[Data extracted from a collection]
== Segment start ==
Definition is_BST_on (n : nat) (t : tree) : Prop := inorder t = seq 1 n.

Fixpoint search_path (t : tree) (a : nat) : list nat :=
  match t with
  | Leaf => []
  | Node l b r =>
      if Nat.eqb a b then [b]
      else if Nat.ltb a b then b :: search_path l a
      else b :: search_path r a
  end.

Fixpoint lcp (p q : list nat) : nat :=
  match p, q with
  | x :: p', y :: q' => if Nat.eqb x y then S (lcp p' q') else O
  | _, _ => O
  end.

(* d_T(a,b): number of edges on the path between the nodes a and b of T. *)
Definition dist (t : tree) (a b : nat) : nat :=
  (length (search_path t a) + length (search_path t b)
   - 2 * lcp (search_path t a) (search_path t b))%nat.

Fixpoint finger_cost (t : tree) (pos : nat -> nat) (fs X : list nat) : nat :=
  match fs, X with
  | fi :: fs', x :: X' =>
      (1 + dist t x (pos fi)
       + finger_cost t (fun j => if Nat.eqb j fi then x else pos j) fs' X')%nat
  | _, _ => O
  end.

(* A k-finger strategy on a BST T on [n] for X: initial vector l in [n]^k and
   f in [k]^m (fingers indexed 0..k-1). *)
Definition valid_strategy (n k : nat) (X : list nat) (l fs : list nat) : Prop :=
  length l = k /\ (forall p, In p l -> (1 <= p <= n)%nat) /\
  length fs = length X /\ (forall i, In i fs -> (i < k)%nat).

Definition attainable (n k : nat) (X : list nat) (c : nat) : Prop :=
  exists t l fs, is_BST_on n t /\ valid_strategy n k X l fs /\
    finger_cost t (fun i => nth i l O) fs X = c.

Definition is_Fk (n k : nat) (X : list nat) (v : nat) : Prop :=
  attainable n k X v /\ (forall c, attainable n k X c -> (v <= c)%nat).

Definition k_monotone (k : nat) (X : list nat) : Prop :=
  exists col : nat -> nat,
    (forall i, (i < length X)%nat -> (col i < k)%nat) /\
    ((forall i j, (i < j < length X)%nat -> col i = col j ->
        (nth i X O < nth j X O)%nat) \/
     (forall i j, (i < j < length X)%nat -> col i = col j ->
        (nth i X O > nth j X O)%nat)).
Lemma extremal_graph_iso :
  (2 * m + a ^ 2 + n = n ^ 2 + a)%N -> (sr + 2 * a + 2 * m + 2 = 4 * n)%N ->
  graph_iso e (@star_rel n) \/ graph_iso e triangle_rel.
Proof.
move=> count_eq rank_eq.
have [S S_ind S_card] := alpha_witness e.
have S_split : split_complete e S by rewrite -count_eq_split // S_card count_eq.
have eE := split_completeE e_irr S_ind S_split.
have [n_le1 | n_gt1] := leqP n 1.
  left; apply/graph_iso_starP => //; exists (Ordinal n_gt0) => x y.
  have -> : x = y by apply: ord_inj; have := ltn_ord x; have := ltn_ord y; lia.
  by rewrite e_irr eqxx.
have [x [y exy]] := connected_edge e_conn n_gt1.
have a_lt_n : (a < n)%N.
  rewrite -S_card -[X in (_ < X)%N](card_ord n) -cardsT; apply: proper_card.
  rewrite properT.
  by apply: contraTneq exy => S_full; rewrite eE S_full !inE andbF.
have sr_ge2 := skew_rank_edge R e_irr e_sym o_orient exy.
have a_gt0 := alpha_gt0 e_irr x.
have [a_n | a_n] := eqVneq (a + 1)%N n.
  left; apply/graph_iso_starP => //.
  have /cards1P[c Sc] : #|~: S| == 1%N.
    by apply/eqP; have := cardsC S; rewrite S_card card_ord; lia.
  by exists c => u v; rewrite eE -[S]setCK Sc !inE negb_and !negbK.
have [n3 a1] : n = 3%N /\ a = 1%N.
  have : (n + a <= 4)%N by nia.
  by lia.
right; apply/graph_iso_triangleP; split=> // u v.
have /cards1P[c Sc] : #|S| == 1%N by rewrite S_card a1.
rewrite eE Sc !inE; have [-> | uv] //= := eqVneq u v.
by apply/negP => /andP[/eqP uc /eqP vc]; rewrite uc vc eqxx in uv.
Qed.
Lemma corner_clear m n (B : 'M[R]_(1 + m, 1 + n)) :
  (forall i j, divides (B 0 0) (B i j)) ->
  exists (L : 'M[R]_(1 + m)) (U : 'M[R]_(1 + n)) (D : 'M[R]_(m, n)),
    [/\ invertible_mx L, invertible_mx U & L *m B *m U = block_mx (ulsubmx B) 0 0 D].
Proof.
move=> dB; set u := ulsubmx B.
have du i j : divides (B (lshift m 0) (lshift n 0)) (B i j).
  by have := dB i j; congr (divides (B _ _) _); apply: val_inj.
have [f hf] : exists f : 'I_n -> R, forall j, ursubmx B 0 j = f j * u 0 0.
  apply: (@fin_all_exists _ (fun=> R) (fun j c => ursubmx B 0 j = c * u 0 0)) => j.
  by rewrite !mxE; apply: du.
have [h hh] : exists h : 'I_m -> R, forall i, dlsubmx B i 0 = h i * u 0 0.
  apply: (@fin_all_exists _ (fun=> R) (fun i c => dlsubmx B i 0 = c * u 0 0)) => i.
  by rewrite !mxE; apply: du.
pose al : 'M[R]_(1, n) := \row_j f j.
pose be : 'M[R]_(m, 1) := \col_i h i.
have ur : ursubmx B = u *m al.
  by apply/matrixP => i j; rewrite (ord1 i) hf [RHS]mxE big_ord1 [al _ _]mxE mulrC.
have dl : dlsubmx B = be *m u.
  by apply/matrixP => i j; rewrite (ord1 j) hh [RHS]mxE big_ord1 [be _ _]mxE.
exists (block_mx 1%:M 0 (- be) 1%:M), (block_mx 1%:M (- al) 0 1%:M).
exists (drsubmx B - be *m u *m al).
split; [exact: invertible_block_lower | exact: invertible_block_upper |].
rewrite -[B in LHS]submxK ur dl !mulmx_block.
rewrite !mul1mx !mulmx1 !mul0mx !mulmx0 !mulNmx !mulmxN ?addr0 ?add0r.
by rewrite !addNr mul0mx oppr0 add0r addrC mulmxA.
Qed.

Lemma corner_pivots_kaplansky : corner_pivots -> kaplansky R.
Proof.
move=> piv m; elim: m => [|m IH] n A.
  by exists 1%:M, 1%:M; split; [exact: invertible_mx1 | exact: invertible_mx1 | case].
case: n A => [|n] A.
  by exists 1%:M, 1%:M; split; [exact: invertible_mx1 | exact: invertible_mx1 | move=> i []].
have [P0 [Q0 [hP0 hQ0 dB]]] := piv _ _ A.
have [L [U [D [hL hU eB]]]] := corner_clear dB.
have [P [Q [hP hQ dD]]] := IH n D.
exists (block_mx 1%:M 0 0 P *m L *m P0), (Q0 *m U *m block_mx 1%:M 0 0 Q).
split.
- by rewrite -mulmxA; apply/invertible_mxM/invertible_mxM => //; exact: invertible_block1.
- by apply/invertible_mxM/invertible_block1/hQ; exact: invertible_mxM.
- have -> : block_mx 1%:M 0 0 P *m L *m P0 *m A *m (Q0 *m U *m block_mx 1%:M 0 0 Q)
    = block_mx 1%:M 0 0 P *m (L *m (P0 *m A *m Q0) *m U) *m block_mx 1%:M 0 0 Q.
    by rewrite !mulmxA.
  rewrite eB.
  rewrite !mulmx_block !mul1mx !mulmx1 !mul0mx !mulmx0 !addr0 !add0r mul0mx.
  exact: is_diagonal_block.
Qed.

End DiagonalReduction.

Theorem theorem3p6 (R : comNzRingType) :
  arithmetic R -> krull_dim0 R -> kaplansky R /\ adequate R.
Proof.
move=> ar d0; have gcds := arithmetic_dim0_idempotent_gcds ar d0.
split; first exact/corner_pivots_kaplansky/idempotent_gcds_corner_pivots.
split=> [|a b _]; first exact: idempotent_gcds_bezout.
have [e [w [n [ee ebw nil]]]] := krull_dim0_idempotent d0 b.
exact: idempotent_adequate_factor ee ebw nil.
Qed.
Lemma w_cat_code_suffix v : exists q x, C x /\ w ++ v = q ++ x.
Proof.
apply: NNPP => no_suffix.
pose z := u ++ w ++ v.
have z_nfactor x : C x -> ~~ infix z x.
  by move=> Cx; apply: contra (C_avoids_w Cx); apply: infix_trans; apply: infix_infix.
have z_gt0 : 0 < size z by rewrite !size_cat; lia.
have Cz : C z.
  apply: (maximal_addl C_max); split.
    apply: prefix_code_addl PC z_gt0 _ => x Cx [xz | zx].
      by apply: (u_incomparable Cx); apply: prefix_comparable xz (prefix_prefix u (w ++ v)).
    by case/negP: (z_nfactor _ Cx); apply: prefixW.
  apply: suffix_code_addl C_max.1.2 z_gt0 _ => x Cx [xz | zx]; last first.
    by case/negP: (z_nfactor _ Cx); apply: suffixW.
  case: (suffix_comparable xz (suffix_suffix u (w ++ v))) => [/suffixP[q wv] | wvx].
    by apply: no_suffix; exists q, x.
  by case/negP: (C_avoids_w Cx); apply: infix_trans (prefix_infix w v) (suffixW wvx).
by case/negP: (z_nfactor _ Cz); apply: infix_refl.
Qed.

Lemma w_cat_factor v : exists p t, [/\ size p < size w, star C t & w ++ v = p ++ t].
Proof.
have [n] := ubnP (size v); elim: n v => // n IH v v_lt.
have [q [x [Cx wv]]] := w_cat_code_suffix v.
case: (ltnP (size q) (size w)) => [q_lt | w_le_q].
  by exists q, x; split=> //; rewrite -[x]cat0s; apply: star_rcat (star0 C) Cx.
have [v' q_def] : exists v' : seq A, q = w ++ v'.
  by apply/prefixP; apply: cat_prefix_size wv w_le_q.
have v_def : v = v' ++ x by apply: (@catsI w); rewrite wv q_def catA.
have v'_lt : size v' < n by move: v_lt; rewrite v_def size_cat; have := PC.1 _ Cx; lia.
have [p [t [p_lt Ct wv']]] := IH v' v'_lt.
by exists p, (t ++ x); split=> //; [apply: star_rcat | rewrite v_def catA wv' catA].
Qed.
(* $\mathbb{E}_{base}\cup\mathbb{E}_{models}\subsetneq\mathbb{E}_{Büchi}$.
   Context: Fix a finite nonempty $AP$. LTL formulae $\varphi::=\bot\mid p\mid\neg\varphi\mid\varphi\lor\varphi\mid X\varphi\mid\varphi U\varphi$ with standard semantics on traces in $(2^{AP})^\omega$. Kripke structures $M=(S,I,T,\lambda)$ (finite $S$, nonempty initial set $I$, left-total $T$, labelling $\lambda:S\to2^{AP}$); $M\models\varphi$ iff all traces of $M$ satisfy $\varphi$; $\mathrm{Cn}_{LTL}(X)$ = formulae satisfied by every Kripke structure satisfying all formulae of $X$. Büchi automata over $2^{AP}$ (accepting infinite words via runs visiting recurrence states infinitely often), $\mathcal{L}(A)$ the language, $\mathrm{supp}(A):=\{\varphi\mid\pi\models\varphi\ \forall\pi\in\mathcal{L}(A)\}$. Excerpts: $\mathbb{E}_{base}:=\{\mathrm{Cn}_{LTL}(X)\mid X\text{ finite set of LTL formulae}\}$; $\mathbb{E}_{models}:=\{\{\varphi\mid M\models\varphi\text{ for all }M\in X\}\mid X\text{ finite set of Kripke structures}\}$; $\mathbb{E}_{Büchi}:=\{\mathrm{supp}(A)\mid A\text{ a Büchi automaton over }2^{AP}\}$. *)

From Stdlib Require List.
From mathcomp Require Import all_boot.


Unset Printing Implicit Defensive.

Section LTL.
Variable AP : finType.

Inductive ltl : Type :=
| LBot : ltl
| LAtom : AP -> ltl
| LNeg : ltl -> ltl
| LOr : ltl -> ltl -> ltl
| LNext : ltl -> ltl
| LUntil : ltl -> ltl -> ltl.

Definition trace := nat -> {set AP}.

Fixpoint sat_at (pi : trace) (i : nat) (phi : ltl) : Prop :=
  match phi with
  | LBot => False
  | LAtom p => p \in pi i
  | LNeg f => ~ sat_at pi i f
  | LOr f g => sat_at pi i f \/ sat_at pi i g
  | LNext f => sat_at pi i.+1 f
  | LUntil f g => exists k, i <= k /\ sat_at pi k g /\
                   forall j, i <= j -> j < k -> sat_at pi j f
  end.

Definition sat (pi : trace) (phi : ltl) : Prop := sat_at pi 0 phi.

Record kripke : Type := Kripke {
  kS : finType;
  kI : {set kS};
  kT : rel kS;
  klab : kS -> {set AP};
  kI_nonempty : kI != set0;
  kT_total : forall s, exists s', kT s s'
}.

Definition ktrace (M : kripke) (pi : trace) : Prop :=
  exists r : nat -> kS M,
    r 0 \in kI M /\ (forall i, kT M (r i) (r i.+1)) /\
    (forall i, pi i = klab M (r i)).

Definition kmodels (M : kripke) (phi : ltl) : Prop :=
  forall pi, ktrace M pi -> sat pi phi.

Definition CnLTL (X : seq ltl) (phi : ltl) : Prop :=
  forall M : kripke, (forall psi, List.In psi X -> kmodels M psi) -> kmodels M phi.

Record buchi : Type := Buchi {
  bQ : finType;
  bInit : {set bQ};
  bDelta : bQ -> {set AP} -> bQ -> bool;
  bAcc : {set bQ}
}.

Definition accepts (A : buchi) (w : trace) : Prop :=
  exists r : nat -> bQ A,
    r 0 \in bInit A /\ (forall i, bDelta A (r i) (w i) (r i.+1)) /\
    (forall n, exists m, n <= m /\ r m \in bAcc A).

Definition supp (A : buchi) (phi : ltl) : Prop :=
  forall pi, accepts A pi -> sat pi phi.

(* Excerpt families; a set of formulae is a predicate ltl -> Prop,
   membership in a family is up to extensional equality of sets. *)
Definition E_base (E : ltl -> Prop) : Prop :=
  exists X : seq ltl, forall phi, E phi <-> CnLTL X phi.

Definition E_models (E : ltl -> Prop) : Prop :=
  exists X : seq kripke,
    forall phi, E phi <-> (forall M, List.In M X -> kmodels M phi).

Definition E_Buchi (E : ltl -> Prop) : Prop :=
  exists A : buchi, forall phi, E phi <-> supp A phi.

End LTL.
Arguments LBot {AP}.
Arguments E_base {AP}.
Arguments E_models {AP}.
Arguments E_Buchi {AP}.

From HB Require Import structures.
From mathcomp Require Import all_boot zify boolp.
From Stdlib Require List.

Set Implicit Arguments.
Unset Strict Implicit.
Unset Printing Implicit Defensive.

(* Inclusion: the consequences of a finite set X of formulae are the formulae holding on
   every word of the Hintikka tableau for X, a generalized Buchi automaton (made plain by a
   counter) accepting exactly the models of X.  The two sets agree because the automaton for
   X together with a negated consequence would accept an ultimately periodic word, i.e. a
   trace of a lasso-shaped Kripke structure.  Formulae valid on finitely many Kripke
   structures are those supported by the union of their trace automata.
   Strictness: take the automaton accepting exactly the words with a single occurrence of a
   proposition p, at an even position. *)

Arguments LAtom {AP}.
Arguments LNeg {AP}.
Arguments LOr {AP}.
Arguments LNext {AP}.
Arguments LUntil {AP}.
Arguments sat_at {AP}.
Arguments sat {AP}.
Arguments ktrace {AP}.
Arguments kmodels {AP}.
Arguments CnLTL {AP}.
Arguments accepts {AP}.
Arguments supp {AP}.
Arguments kS {AP}.
Arguments kI {AP}.
Arguments kT {AP}.
Arguments klab {AP}.
Arguments bQ {AP}.
Arguments bInit {AP}.
Arguments bDelta {AP}.
Arguments bAcc {AP}.

Fixpoint ltl_eqb (AP : finType) (f g : ltl AP) : bool :=
  match f, g with
  | LBot, LBot => true
  | LAtom p, LAtom q => p == q
  | LNeg f, LNeg g | LNext f, LNext g => ltl_eqb f g
  | LOr f1 f2, LOr g1 g2 | LUntil f1 f2, LUntil g1 g2 => ltl_eqb f1 g1 && ltl_eqb f2 g2
  | _, _ => false
  end.

Lemma ltl_eqP (AP : finType) : Equality.axiom (@ltl_eqb AP).
Proof.
elim=> [|p|f IH|f IHf g IHg|f IH|f IHf g IHg] [|q|f'|f' g'|f'|f' g'] /=;
  try by constructor.
- by apply: (iffP eqP) => [->|[]].
- by apply: (iffP (IH f')) => [->|[]].
- by apply: (iffP andP) => [[/IHf -> /IHg ->]|[<- <-]]; split; [apply/IHf|apply/IHg].
- by apply: (iffP (IH f')) => [->|[]].
- by apply: (iffP andP) => [[/IHf -> /IHg ->]|[<- <-]]; split; [apply/IHf|apply/IHg].
Qed.

HB.instance Definition _ (AP : finType) := hasDecEq.Build (ltl AP) (@ltl_eqP AP).

Lemma In_mem (T : eqType) (x : T) (s : seq T) : List.In x s <-> x \in s.
Proof.
elim: s => [|y s IH] //=; rewrite in_cons; split.
- by case=> [->|/IH ->]; rewrite ?eqxx ?orbT.
- by case/orP=> [/eqP ->|/IH]; auto.
Qed.

Section Semantics.
Variable AP : finType.
Implicit Types (pi sigma : trace AP) (f g psi : ltl AP) (p : AP).

Lemma sat_ext pi sigma psi : pi =1 sigma -> sat pi psi <-> sat sigma psi.
Proof. by move=> /funext ->. Qed.

Lemma sat_at_untilE pi i f g :
  sat_at pi i (LUntil f g) <->
  sat_at pi i g \/ sat_at pi i f /\ sat_at pi i.+1 (LUntil f g).
Proof.
split.
- move=> [k [ik [gk fk]]]; case: (leqP k i) => [ki|ik'].
    by left; have <- : k = i by lia.
  right; split; first exact: fk.
  by exists k; split=> //; split=> // j ij jk; apply: fk; lia.
- case=> [gi|[fi [k [ik [gk fk]]]]]; first by exists i; split=> //; split=> // j ij ji; lia.
  exists k; split; first lia; split=> // j ij jk.
  by case: (leqP j i) => [ji|/fk]; [have -> : j = i by lia | apply].
Qed.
== Segment end ==
▸ What you are asked to do
For each line of the data that includes the word "LNext", return a copy of it.

▸ Your response
| LNext : ltl -> ltl
  | LNext f => sat_at pi i.+1 f
Arguments LNext {AP}.
  | LNeg f, LNeg g | LNext f, LNext g => ltl_eqb f g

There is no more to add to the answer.